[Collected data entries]
=== Begin Enclosure ===

Definition pcont (X Y : pspace) (f : pcar X -> pcar Y) : Prop :=
  forall U, popen Y U -> popen X (fun x => U (f x)).
Definition pmono (X Y : pspace) (f : pcar X -> pcar Y) : Prop :=
  forall x y, ple X x y -> ple Y (f x) (f y).

Record pmor (X Y : pspace) := PMor {
  pfun : pcar X -> pcar Y;
  pfun_cont : pcont pfun;
  pfun_mono : pmono pfun }.

Definition psurjective (X Y : pspace) (f : pmor X Y) : Prop :=
  forall y, exists x, pfun f x = y.
Definition pembedding (X Y : pspace) (f : pmor X Y) : Prop :=
  (forall x x', ple X x x' <-> ple Y (pfun f x) (pfun f x')) /\
  (forall U, popen X U -> exists W, popen Y W /\ forall x, U x <-> W (pfun f x)).

Record Pfunctor (C : category) := PFunctor {
  fobj : ob C -> pspace;
  fmap : forall a b, hom C a b -> pmor (fobj a) (fobj b);
  fmap_id : forall a x, pfun (fmap (idm a)) x = x;
  fmap_comp : forall a b c (f : hom C a b) (g : hom C b c) x,
      pfun (fmap (ccomp g f)) x = pfun (fmap g) (pfun (fmap f) x) }.
Arguments fmap {C} p {a b} _.

Definition Psurj (C : category) (F : Pfunctor C) a b (f : hom C a b) : Prop :=
  psurjective (fmap F f).
Definition Pemb (C : category) (F : Pfunctor C) a b (f : hom C a b) : Prop :=
  pembedding (fmap F f).

Definition is_bdl (T : Type) (m j : T -> T -> T) (b t : T) : Prop :=
  (forall x y z, m x (m y z) = m (m x y) z) /\
  (forall x y z, j x (j y z) = j (j x y) z) /\
  (forall x y, m x y = m y x) /\
  (forall x y, j x y = j y x) /\
  (forall x y, m x (j x y) = x) /\
  (forall x y, j x (m x y) = x) /\
  (forall x y z, m x (j y z) = j (m x y) (m x z)) /\
  (forall x, m x t = x) /\
  (forall x, j x b = x).

Record bdl := BDL {
  lcar : Type;
  lmeet : lcar -> lcar -> lcar;
  ljoin : lcar -> lcar -> lcar;
  lbot : lcar;
  ltop : lcar;
  lax : is_bdl lmeet ljoin lbot ltop }.

Record signature := Signature { sop : Type; sar : sop -> nat }.

Record algebra (S : signature) := Algebra {
  acar : Type;
  aop : forall o : sop S, ('I_(sar o) -> acar) -> acar }.
Arguments aop {S} a o _.

Inductive term (S : signature) (V : Type) : Type :=
  | TVar : V -> term S V
  | TApp : forall o : sop S, ('I_(sar o) -> term S V) -> term S V.

Fixpoint teval (S : signature) (V : Type) (A : algebra S) (v : V -> acar A)
    (t : term S V) : acar A :=
  match t with
  | TVar x => v x
  | TApp o ts => aop A o (fun i => teval v (ts i))
  end.

Definition models (S : signature) (E : term S nat -> term S nat -> Prop)
    (A : algebra S) : Prop :=
  forall t u, E t u -> forall v : nat -> acar A, teval v t = teval v u.

(* binary term operation: variable [false] is x, [true] is y *)
Definition top2 (S : signature) (A : algebra S) (t : term S bool)
    (x y : acar A) : acar A := teval (fun b : bool => if b then y else x) t.
Definition top0 (S : signature) (A : algebra S) (t : term S Empty_set) : acar A :=
  teval (fun e : Empty_set => match e with end) t.

Arguments top2 {S} A t x y.
Arguments top0 {S} A t.

(* A variety given by equations, with a term reduct in D. *)
Record variety (S : signature) := Variety {
  veq : term S nat -> term S nat -> Prop;
  tmeet : term S bool;
  tjoin : term S bool;
  tbot : term S Empty_set;
  ttop : term S Empty_set;
  vreduct : forall A : algebra S, models veq A ->
      is_bdl (top2 A tmeet) (top2 A tjoin) (top0 A tbot) (top0 A ttop) }.

Record valg (S : signature) (V : variety S) := VAlg {
  valg_alg :> algebra S;
  valg_mod : models (veq V) valg_alg }.

Definition is_ahom (S : signature) (A B : algebra S) (f : acar A -> acar B) :=
  forall o xs, f (aop A o xs) = aop B o (fun i => f (xs i)).

Arguments is_ahom {S} A B f.

Record ahom (S : signature) (A B : algebra S) := AHom {
  afun : acar A -> acar B;
  afun_hom : is_ahom A B afun }.

Lemma ahom_id_proof (S : signature) (A : algebra S) : is_ahom A A (fun x : acar A => x).
Proof. by []. Qed.
Definition ahom_id (S : signature) (A : algebra S) : ahom A A :=
  @AHom S A A _ (@ahom_id_proof S A).

Lemma ahom_comp_proof (S : signature) (A B C : algebra S) (g : ahom B C) (f : ahom A B) :
  is_ahom A C (fun x => afun g (afun f x)).
Proof. by move=> o xs; rewrite (afun_hom f) (afun_hom g). Qed.
Definition ahom_comp (S : signature) (A B C : algebra S) (g : ahom B C) (f : ahom A B)
  : ahom A C := @AHom S A C _ (@ahom_comp_proof S A B C g f).

Definition flat (S : signature) (V : variety S) (A : valg V) : bdl :=
  @BDL (acar A) (top2 A (tmeet V)) (top2 A (tjoin V)) (top0 A (tbot V))
       (top0 A (ttop V)) (@vreduct S V A (@valg_mod S V A)).

(* H(L) = D(L, 2): carrier, pointwise order, topology as subspace of 2^L *)
Definition is_2hom (L : bdl) (h : lcar L -> bool) : Prop :=
  [/\ (forall a b, h (lmeet a b) = h a && h b),
      (forall a b, h (ljoin a b) = h a || h b),
      h (lbot L) = false & h (ltop L) = true].
Definition Hcar (L : bdl) : Type := {h : lcar L -> bool | is_2hom h}.
Definition Hle (L : bdl) (h h' : Hcar L) : Prop :=
  forall a, sval h a = true -> sval h' a = true.
(* open sets of the product topology restricted to H(L) *)
Definition Hopen (L : bdl) (U : Hcar L -> Prop) : Prop :=
  forall h, U h -> exists n (s : 'I_n -> lcar L),
    forall h' : Hcar L, (forall k, sval h' (s k) = sval h (s k)) -> U h'.

(* K(X) = P(X, 2): carrier (continuous order-preserving maps to 2);  *)
(* lattice operations are pointwise.                                   *)
Definition Kcar (X : pspace) : Type :=
  {f : pcar X -> bool |
     [/\ popen X (fun x => f x = true), popen X (fun x => f x = false) &
         (forall x y, ple X x y -> f x = true -> f y = true)]}.

Record rpd (S : signature) (V : variety S) (C : category) (F : Pfunctor C) := RPD {
  Dob : valg V -> ob C;
  Dmap : forall A B : valg V, ahom A B -> hom C (Dob B) (Dob A);
  Eob : ob C -> valg V;
  Emap : forall x y, hom C x y -> ahom (Eob y) (Eob x);
  Dmap_id : forall A : valg V, Dmap (ahom_id A) = idm (Dob A);
  Dmap_comp : forall (A B B' : valg V) (f : ahom A B) (g : ahom B B'),
      Dmap (ahom_comp g f) = ccomp (Dmap f) (Dmap g);
  Emap_id : forall x a, afun (Emap (idm x)) a = a;
  Emap_comp : forall x y z (f : hom C x y) (g : hom C y z) a,
      afun (Emap (ccomp g f)) a = afun (Emap f) (afun (Emap g) a);
  unit : forall A : valg V, ahom A (Eob (Dob A));
  unit_iso : forall A : valg V, exists g : ahom (Eob (Dob A)) A,
      (forall a, afun g (afun (unit A) a) = a) /\
      (forall b, afun (unit A) (afun g b) = b);
  unit_nat : forall (A B : valg V) (f : ahom A B) a,
      afun (Emap (Dmap f)) (afun (unit A) a) = afun (unit B) (afun f a);
  counit : forall x, hom C x (Dob (Eob x));
  counit_iso : forall x, is_iso (counit x);
  counit_nat : forall x y (phi : hom C x y),
      ccomp (Dmap (Emap phi)) (counit x) = ccomp (counit y) phi;
  (* flat o D = H o flat *)
  pD : forall A : valg V, pcar (fobj F (Dob A)) = Hcar (flat A);
  pD_le : forall (A : valg V) x y,
      ple _ x y <-> Hle (cast (pD A) x) (cast (pD A) y);
  pD_open : forall (A : valg V) (U : Hcar (flat A) -> Prop),
      popen _ (fun x => U (cast (pD A) x)) <-> Hopen U;
  pD_map : forall (A B : valg V) (f : ahom A B) x a,
      sval (cast (pD A) (pfun (fmap F (Dmap f)) x)) a
      = sval (cast (pD B) x) (afun f a);
  (* flat o E = K o flat *)
  qE : forall x, lcar (flat (Eob x)) = Kcar (fobj F x);
  qE_meet : forall x a b pt,
      sval (cast (qE x) (lmeet a b)) pt
      = sval (cast (qE x) a) pt && sval (cast (qE x) b) pt;
  qE_join : forall x a b pt,
      sval (cast (qE x) (ljoin a b)) pt
      = sval (cast (qE x) a) pt || sval (cast (qE x) b) pt;
  qE_bot : forall x pt, sval (cast (qE x) (lbot _)) pt = false;
  qE_top : forall x pt, sval (cast (qE x) (ltop _)) pt = true;
  qE_map : forall x y (phi : hom C x y) a pt,
      sval (cast (qE x) (afun (Emap phi) a)) pt
      = sval (cast (qE y) a) (pfun (fmap F phi) pt);
  (* e_A^flat = e_{A^flat}  (evaluation) *)
  unit_flat : forall (A : valg V) a x,
      sval (cast (qE (Dob A)) (afun (unit A) a)) x = sval (cast (pD A) x) a;
  (* eps_X^flat = eps_{X^flat}  (evaluation) *)
  counit_flat : forall x pt a,
      sval (cast (pD (Eob x)) (pfun (fmap F (counit x)) pt)) a
      = sval (cast (qE x) a) pt }.

(* Since D and E form a dual equivalence, everything can be done on the algebra
   side and transported back.  Existence: factor E phi through its image B in
   E x.  The corestriction E y -> B is onto, so its dual is an embedding of
   Priestley spaces; and by compactness every homomorphism from B to 2 is
   evaluation at a point of x (Priestley's prime filter argument), so
   x -> D B is onto.  Uniqueness: a surjection is orthogonal to an embedding of
   Priestley spaces, so each E mu_i factors through the other; the two
   factorising homomorphisms are mutually inverse and transpose to gamma. *)
From mathcomp Require Import all_boot.
From Stdlib Require Import ProofIrrelevance FunctionalExtensionality.
From Stdlib Require Import PropExtensionality ClassicalEpsilon Classical.
Set Implicit Arguments. Unset Strict Implicit. Unset Printing Implicit Defensive.

Lemma cast_K (T U : Type) (p : T = U) (x : T) : cast (esym p) (cast p x) = x.
Proof. by case: U / p. Qed.

Lemma cast_Kv (T U : Type) (p : T = U) (y : U) : cast p (cast (esym p) y) = y.
Proof. by case: U / p y. Qed.

Lemma cast_inj (T U : Type) (p : T = U) : injective (cast p).
Proof. by case: U / p. Qed.

Lemma sig_eq (T : Type) (P : T -> Prop) (a b : {x | P x}) : sval a = sval b -> a = b.
Proof.
case: a b => [x Px] [y Py] /= exy; subst y.
by rewrite (proof_irrelevance _ Px Py).
Qed.

Lemma sig_fun_ext (T U : Type) (P : (T -> U) -> Prop) (f g : {h | P h}) :
  sval f =1 sval g -> f = g.
Proof. by move=> fg; apply: sig_eq; apply: functional_extensionality. Qed.

Lemma ahom_ext (S : signature) (A B : algebra S) (f g : ahom A B) :
  afun f =1 afun g -> f = g.
Proof.
case: f g => [f fhom] [g ghom] /= /functional_extensionality fg; subst g.
by rewrite (proof_irrelevance _ fhom ghom).
Qed.

Lemma popen_ext (X : pspace) (U W : pcar X -> Prop) :
  popen X U -> (forall x, U x <-> W x) -> popen X W.
Proof.
move=> + UW; suff -> : U = W by [].
by apply: functional_extensionality => x; apply: propositional_extensionality.
Qed.

Lemma pembedding_inj (X Y : pspace) (f : pmor X Y) :
  pembedding f -> injective (pfun f).
Proof.
move=> [fle _] x x' fxx'.
by apply: ple_antisym; apply/fle; rewrite fxx'; apply: ple_refl.
Qed.

Lemma pembedding_comp (X Y Z : pspace) (f : pmor X Y) (g : pmor Y Z)
    (h : pmor X Z) :
  pfun h =1 pfun g \o pfun f -> pembedding f -> pembedding g -> pembedding h.
Proof.
move=> hE [fle fopen] [gle gopen]; split=> [x x'|U /fopen [W [W_open UW]]].
  by rewrite !hE /= -gle.
have [W' [W'_open WW']] := gopen W W_open.
by exists W'; split=> // x; rewrite hE /= UW WW'.
Qed.

Lemma pembedding_section (X Y : pspace) (f : pmor X Y) (g : pmor Y X) :
  (forall x, pfun g (pfun f x) = x) -> pembedding f.
Proof.
move=> fK; split=> [x x'|U U_open].
  by split; [apply: pfun_mono | move=> /(pfun_mono g); rewrite !fK].
exists (fun y => U (pfun g y)); split; first exact: (pfun_cont g).
by move=> x; rewrite fK.
Qed.

Lemma diagonal_fill (X Y Z1 Z2 : pspace) (f1 : pmor X Z1) (e1 : pmor Z1 Y)
    (f2 : pmor X Z2) (e2 : pmor Z2 Y) :
  pembedding e1 -> psurjective f2 ->
  (forall x, pfun e1 (pfun f1 x) = pfun e2 (pfun f2 x)) ->
  exists d : pmor Z2 Z1, forall x, pfun d (pfun f2 x) = pfun f1 x.
Proof.
move=> e1_emb f2_surj comm; have [e1le e1open] := e1_emb.
pose sec z := proj1_sig (constructive_indefinite_description _ (f2_surj z)).
have secK z : pfun f2 (sec z) = z.
  exact: proj2_sig (constructive_indefinite_description _ (f2_surj z)).
pose d z := pfun f1 (sec z).
have e1d z : pfun e1 (d z) = pfun e2 z by rewrite /d comm secK.
have d_cont : pcont d.
  move=> U /e1open [W [W_open UW]].
  by apply: (popen_ext (pfun_cont e2 W_open)) => z; rewrite UW e1d.
have d_mono : pmono d.
  by move=> z z' zz'; apply/e1le; rewrite !e1d; apply: pfun_mono.
exists (PMor d_cont d_mono) => x /=.
by apply: (pembedding_inj e1_emb); rewrite e1d comm.
Qed.

Lemma Kcomp_subproof (X Y : pspace) (d : pmor X Y) (u : Kcar Y) :
  [/\ popen X (fun x => sval u (pfun d x) = true),
      popen X (fun x => sval u (pfun d x) = false) &
      forall x y, ple X x y -> sval u (pfun d x) = true -> sval u (pfun d y) = true].
Proof.
case: u => u [u_true u_false u_mono] /=.
split; [exact: (pfun_cont d u_true) | exact: (pfun_cont d u_false) |].
by move=> x y /(pfun_mono d); apply: u_mono.
Qed.

Definition Kcomp (X Y : pspace) (d : pmor X Y) (u : Kcar Y) : Kcar X :=
  exist _ _ (Kcomp_subproof d u).

Section TwoHomEvaluation.
Variables (X : pspace) (L : bdl) (k : lcar L -> Kcar X).
Hypothesis k_meet :
  forall a b x, sval (k (lmeet a b)) x = sval (k a) x && sval (k b) x.
Hypothesis k_join :
  forall a b x, sval (k (ljoin a b)) x = sval (k a) x || sval (k b) x.
Hypothesis k_inj : injective k.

=== End Enclosure ===

*WHAT YOU SHOULD DO*
What you return should be the lines from the start of the data through the line with "(forall x y z, j", quoted exactly and nothing more.

*ANSWER SECTION*
Definition pcont (X Y : pspace) (f : pcar X -> pcar Y) : Prop :=
  forall U, popen Y U -> popen X (fun x => U (f x)).
Definition pmono (X Y : pspace) (f : pcar X -> pcar Y) : Prop :=
  forall x y, ple X x y -> ple Y (f x) (f y).

Record pmor (X Y : pspace) := PMor {
  pfun : pcar X -> pcar Y;
  pfun_cont : pcont pfun;
  pfun_mono : pmono pfun }.

Definition psurjective (X Y : pspace) (f : pmor X Y) : Prop :=
  forall y, exists x, pfun f x = y.
Definition pembedding (X Y : pspace) (f : pmor X Y) : Prop :=
  (forall x x', ple X x x' <-> ple Y (pfun f x) (pfun f x')) /\
  (forall U, popen X U -> exists W, popen Y W /\ forall x, U x <-> W (pfun f x)).

Record Pfunctor (C : category) := PFunctor {
  fobj : ob C -> pspace;
  fmap : forall a b, hom C a b -> pmor (fobj a) (fobj b);
  fmap_id : forall a x, pfun (fmap (idm a)) x = x;
  fmap_comp : forall a b c (f : hom C a b) (g : hom C b c) x,
      pfun (fmap (ccomp g f)) x = pfun (fmap g) (pfun (fmap f) x) }.
Arguments fmap {C} p {a b} _.

Definition Psurj (C : category) (F : Pfunctor C) a b (f : hom C a b) : Prop :=
  psurjective (fmap F f).
Definition Pemb (C : category) (F : Pfunctor C) a b (f : hom C a b) : Prop :=
  pembedding (fmap F f).

Definition is_bdl (T : Type) (m j : T -> T -> T) (b t : T) : Prop :=
  (forall x y z, m x (m y z) = m (m x y) z) /\
  (forall x y z, j x (j y z) = j (j x y) z) /\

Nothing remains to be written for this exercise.